(THE RECORDS Opens)
(* Let $(X,d)$ be a compact metric space and $f\in\mathcal{H}(X)$. If $\dim X=0$ and every point of $X$ is a periodic point of $f$ (i.e. $X=Per(f)$), then $f$ is equicontinuous and has the strict periodic shadowing property.
   Context: Equicontinuous: for every $\epsilon>0$ there is $\delta>0$ with $d(x,y)\le\delta\Rightarrow\sup_{i\in\mathbb{Z}}d(f^i(x),f^i(y))\le\epsilon$. Strict periodic shadowing property: for every $\epsilon>0$ there is $\delta>0$ such that for every $(x_i)_{i=0}^m$, $m\ge1$, with $d(f(x_i),x_{i+1})\le\delta$ for $0\le i<m$ and $x_0=x_m$, there is $p\in X$ with $f^m(p)=p$ and $d(x_i,f^i(p))\le\epsilon$ for $0\le i\le m$. *)

From Stdlib Require Import Reals List ZArith.
Open Scope R_scope.

Record MetricSpace := {
  carrier :> Type;
  dist : carrier -> carrier -> R;
  dist_nonneg : forall x y, 0 <= dist x y;
  dist_sym : forall x y, dist x y = dist y x;
  dist_zero : forall x y, dist x y = 0 <-> x = y;
  dist_triangle : forall x y z, dist x z <= dist x y + dist y z
}.

Section MS.
Context {X : MetricSpace}.

Definition is_open (U : X -> Prop) : Prop :=
  forall x, U x -> exists r, 0 < r /\ forall y, dist X x y < r -> U y.

Definition is_closed (F : X -> Prop) : Prop := is_open (fun x => ~ F x).

Definition compact_space : Prop :=
  forall (I : Type) (U : I -> X -> Prop),
    (forall i, is_open (U i)) -> (forall x, exists i, U i x) ->
    exists l : list I, forall x, exists i, In i l /\ U i x.

(* Small inductive dimension 0 (dim X <= 0): X has a base of clopen sets. *)
Definition dim_zero : Prop :=
  forall (x : X) (eps : R), 0 < eps ->
    exists U : X -> Prop, is_open U /\ is_closed U /\ U x /\
      forall y, U y -> dist X x y < eps.

Definition continuous (f : X -> X) : Prop :=
  forall x eps, 0 < eps -> exists delta, 0 < delta /\
    forall y, dist X x y < delta -> dist X (f x) (f y) < eps.

Definition is_homeomorphism (f finv : X -> X) : Prop :=
  continuous f /\ continuous finv /\
  (forall x, finv (f x) = x) /\ (forall x, f (finv x) = x).

Definition zpow (f finv : X -> X) (i : Z) (x : X) : X :=
  match i with
  | Z0 => x
  | Zpos p => Nat.iter (Pos.to_nat p) f x
  | Zneg p => Nat.iter (Pos.to_nat p) finv x
  end.

Definition periodic_point (f : X -> X) (x : X) : Prop :=
  exists n : nat, (1 <= n)%nat /\ Nat.iter n f x = x.

Definition equicontinuous (f finv : X -> X) : Prop :=
  forall eps, 0 < eps -> exists delta, 0 < delta /\
    forall x y, dist X x y <= delta ->
      forall i : Z, dist X (zpow f finv i x) (zpow f finv i y) <= eps.

Definition strict_periodic_shadowing (f : X -> X) : Prop :=
  forall eps, 0 < eps -> exists delta, 0 < delta /\
    forall (xs : nat -> X) (m : nat), (1 <= m)%nat ->
      (forall i, (i < m)%nat -> dist X (f (xs i)) (xs (S i)) <= delta) ->
      xs 0%nat = xs m ->
      exists p : X, Nat.iter m f p = p /\
        forall i, (i <= m)%nat -> dist X (xs i) (Nat.iter i f p) <= eps.

End MS.

From Pilot Require Import Defs.
From Stdlib Require Import Reals List ZArith Lra Lia Classical Wf_nat.
Open Scope R_scope.

(* Fix a finite clopen partition of small mesh and compare orbits through the cells they
   visit. If [y] is close to a periodic point [x], the forward orbit of [y] visits the same
   cells as that of [x]: otherwise the clopen sets of points whose [n]-step backward orbit
   follows the cells of the backward orbit of [x], but whose forward orbit leaves those of
   [x] within one period of [x], are nonempty and nested, hence by compactness share a
   point, and the periodicity of that point contradicts its membership. Applying this to
   [f] and its inverse and using compactness again gives a uniform [delta] below which
   whole orbits visit the same cells, i.e. equicontinuity. A closed [delta]-pseudo-orbit
   visits the same cells as the true orbit of its first point, which therefore nearly
   returns; so does the orbit of a nearby periodic point [c], and as the orbit of [c] is
   finite a near return is an exact one, so [c] shadows the pseudo-orbit. *)

Lemma list_positive_lower_bound {A : Type} (w : A -> R) (l : list A) :
  (forall a, In a l -> 0 < w a) -> exists s, 0 < s /\ forall a, In a l -> s <= w a.
Proof.
  induction l as [|a l IH]; intro Hpos.
  - exists 1; split; [lra | intros a []].
  - destruct IH as [s [Hs Hle]]; [intros b Hb; apply Hpos; right; exact Hb|].
    exists (Rmin s (w a)); split.
    + apply Rmin_glb_lt; [exact Hs | apply Hpos; left; reflexivity].
    + intros b [<-|Hb]; [apply Rmin_r|].
      eapply Rle_trans; [apply Rmin_l | exact (Hle b Hb)].
Qed.

Section Iterates.
Variables (A : Type) (g ginv : A -> A).

Lemma iter_period_mul q x m : Nat.iter q g x = x -> Nat.iter (q * m) g x = x.
Proof.
  intro Hx; induction m as [|m IH]; [rewrite Nat.mul_0_r; reflexivity|].
  rewrite Nat.mul_succ_r, Nat.iter_add, Hx; exact IH.
Qed.

Lemma iter_period_mod q x k : Nat.iter q g x = x -> Nat.iter k g x = Nat.iter (k mod q) g x.
Proof.
  intro Hx; transitivity (Nat.iter (k mod q + q * (k / q)) g x).
  - f_equal; pose proof (Nat.div_mod_eq k q); lia.
  - rewrite Nat.iter_add, iter_period_mul; auto.
Qed.

Hypotheses (Hgi : forall x, ginv (g x) = x) (Hig : forall x, g (ginv x) = x).

Lemma iter_cancel n x : Nat.iter n ginv (Nat.iter n g x) = x.
Proof. induction n as [|n IH]; [reflexivity|]. rewrite Nat.iter_succ_r, Nat.iter_succ, Hgi; exact IH. Qed.

Lemma iter_cancel_le n s x : (n <= s)%nat -> Nat.iter n ginv (Nat.iter s g x) = Nat.iter (s - n) g x.
Proof.
  intro Hns; transitivity (Nat.iter n ginv (Nat.iter (n + (s - n)) g x)).
  - do 2 f_equal; lia.
  - rewrite Nat.iter_add; apply iter_cancel.
Qed.

Lemma iter_inv_fixed n x : Nat.iter n g x = x -> Nat.iter n ginv x = x.
Proof. intro Hx; transitivity (Nat.iter n ginv (Nat.iter n g x)); [rewrite Hx; reflexivity | apply iter_cancel]. Qed.

Lemma iter_shift j n x : Nat.iter (S j) g (Nat.iter (S n) ginv x) = Nat.iter j g (Nat.iter n ginv x).
Proof. rewrite Nat.iter_succ_r, Nat.iter_succ, Hig; reflexivity. Qed.

End Iterates.

Section LocallyConstant.
Variable X : MetricSpace.
Notation d := (Defs.dist X).

Lemma dist_self (x : X) : d x x = 0.
Proof. apply Defs.dist_zero; reflexivity. Qed.

Lemma ball_open (c : X) r : is_open (fun y => d c y < r).
Proof.
  intros z Hz; exists (r - d c z); split; [lra|].
  intros y Hy; pose proof (Defs.dist_triangle X c z y); lra.
Qed.

Definition locally_constant (P : X -> Prop) : Prop :=
  forall x, exists r, 0 < r /\ forall y, d x y < r -> (P y <-> P x).

Lemma locally_constant_open P : locally_constant P -> is_open P.
Proof.
  intros HP x Px; destruct (HP x) as [r [Hr Hball]].
  exists r; split; [exact Hr|]; intros y Hy; apply (Hball y Hy), Px.
Qed.

Lemma clopen_locally_constant U : is_open U -> is_closed U -> locally_constant U.
Proof.
  intros HU HUc x; destruct (classic (U x)) as [Ux|Ux].
  - destruct (HU x Ux) as [r [Hr Hball]]; exists r; split; [exact Hr|]; intros y Hy; split; auto.
  - destruct (HUc x Ux) as [r [Hr Hball]]; exists r; split; [exact Hr|].
    intros y Hy; specialize (Hball y Hy); tauto.
Qed.

Lemma locally_constant_ext P Q : (forall z, P z <-> Q z) -> locally_constant P -> locally_constant Q.
Proof.
  intros HPQ HP x; destruct (HP x) as [r [Hr Hball]].
  exists r; split; [exact Hr|]; intros y Hy; rewrite <- !HPQ; auto.
Qed.

Lemma locally_constant_const (C : Prop) : locally_constant (fun _ => C).
Proof. intro x; exists 1; split; [lra | tauto]. Qed.

Lemma locally_constant_not P : locally_constant P -> locally_constant (fun z => ~ P z).
Proof.
  intros HP x; destruct (HP x) as [r [Hr Hball]].
  exists r; split; [exact Hr|]; intros y Hy; specialize (Hball y Hy); tauto.
Qed.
(THE RECORDS Closes)
• [PROBLEM DESCRIPTION] Emit an exact copy of the lines spanning the start of the records to the line containing "forall y, U y -> dist X x y < eps.", inclusive, and no other output.

• [RESULT]
(* Let $(X,d)$ be a compact metric space and $f\in\mathcal{H}(X)$. If $\dim X=0$ and every point of $X$ is a periodic point of $f$ (i.e. $X=Per(f)$), then $f$ is equicontinuous and has the strict periodic shadowing property.
   Context: Equicontinuous: for every $\epsilon>0$ there is $\delta>0$ with $d(x,y)\le\delta\Rightarrow\sup_{i\in\mathbb{Z}}d(f^i(x),f^i(y))\le\epsilon$. Strict periodic shadowing property: for every $\epsilon>0$ there is $\delta>0$ such that for every $(x_i)_{i=0}^m$, $m\ge1$, with $d(f(x_i),x_{i+1})\le\delta$ for $0\le i<m$ and $x_0=x_m$, there is $p\in X$ with $f^m(p)=p$ and $d(x_i,f^i(p))\le\epsilon$ for $0\le i\le m$. *)

From Stdlib Require Import Reals List ZArith.
Open Scope R_scope.

Record MetricSpace := {
  carrier :> Type;
  dist : carrier -> carrier -> R;
  dist_nonneg : forall x y, 0 <= dist x y;
  dist_sym : forall x y, dist x y = dist y x;
  dist_zero : forall x y, dist x y = 0 <-> x = y;
  dist_triangle : forall x y z, dist x z <= dist x y + dist y z
}.

Section MS.
Context {X : MetricSpace}.

Definition is_open (U : X -> Prop) : Prop :=
  forall x, U x -> exists r, 0 < r /\ forall y, dist X x y < r -> U y.

Definition is_closed (F : X -> Prop) : Prop := is_open (fun x => ~ F x).

Definition compact_space : Prop :=
  forall (I : Type) (U : I -> X -> Prop),
    (forall i, is_open (U i)) -> (forall x, exists i, U i x) ->
    exists l : list I, forall x, exists i, In i l /\ U i x.

(* Small inductive dimension 0 (dim X <= 0): X has a base of clopen sets. *)
Definition dim_zero : Prop :=
  forall (x : X) (eps : R), 0 < eps ->
    exists U : X -> Prop, is_open U /\ is_closed U /\ U x /\
      forall y, U y -> dist X x y < eps.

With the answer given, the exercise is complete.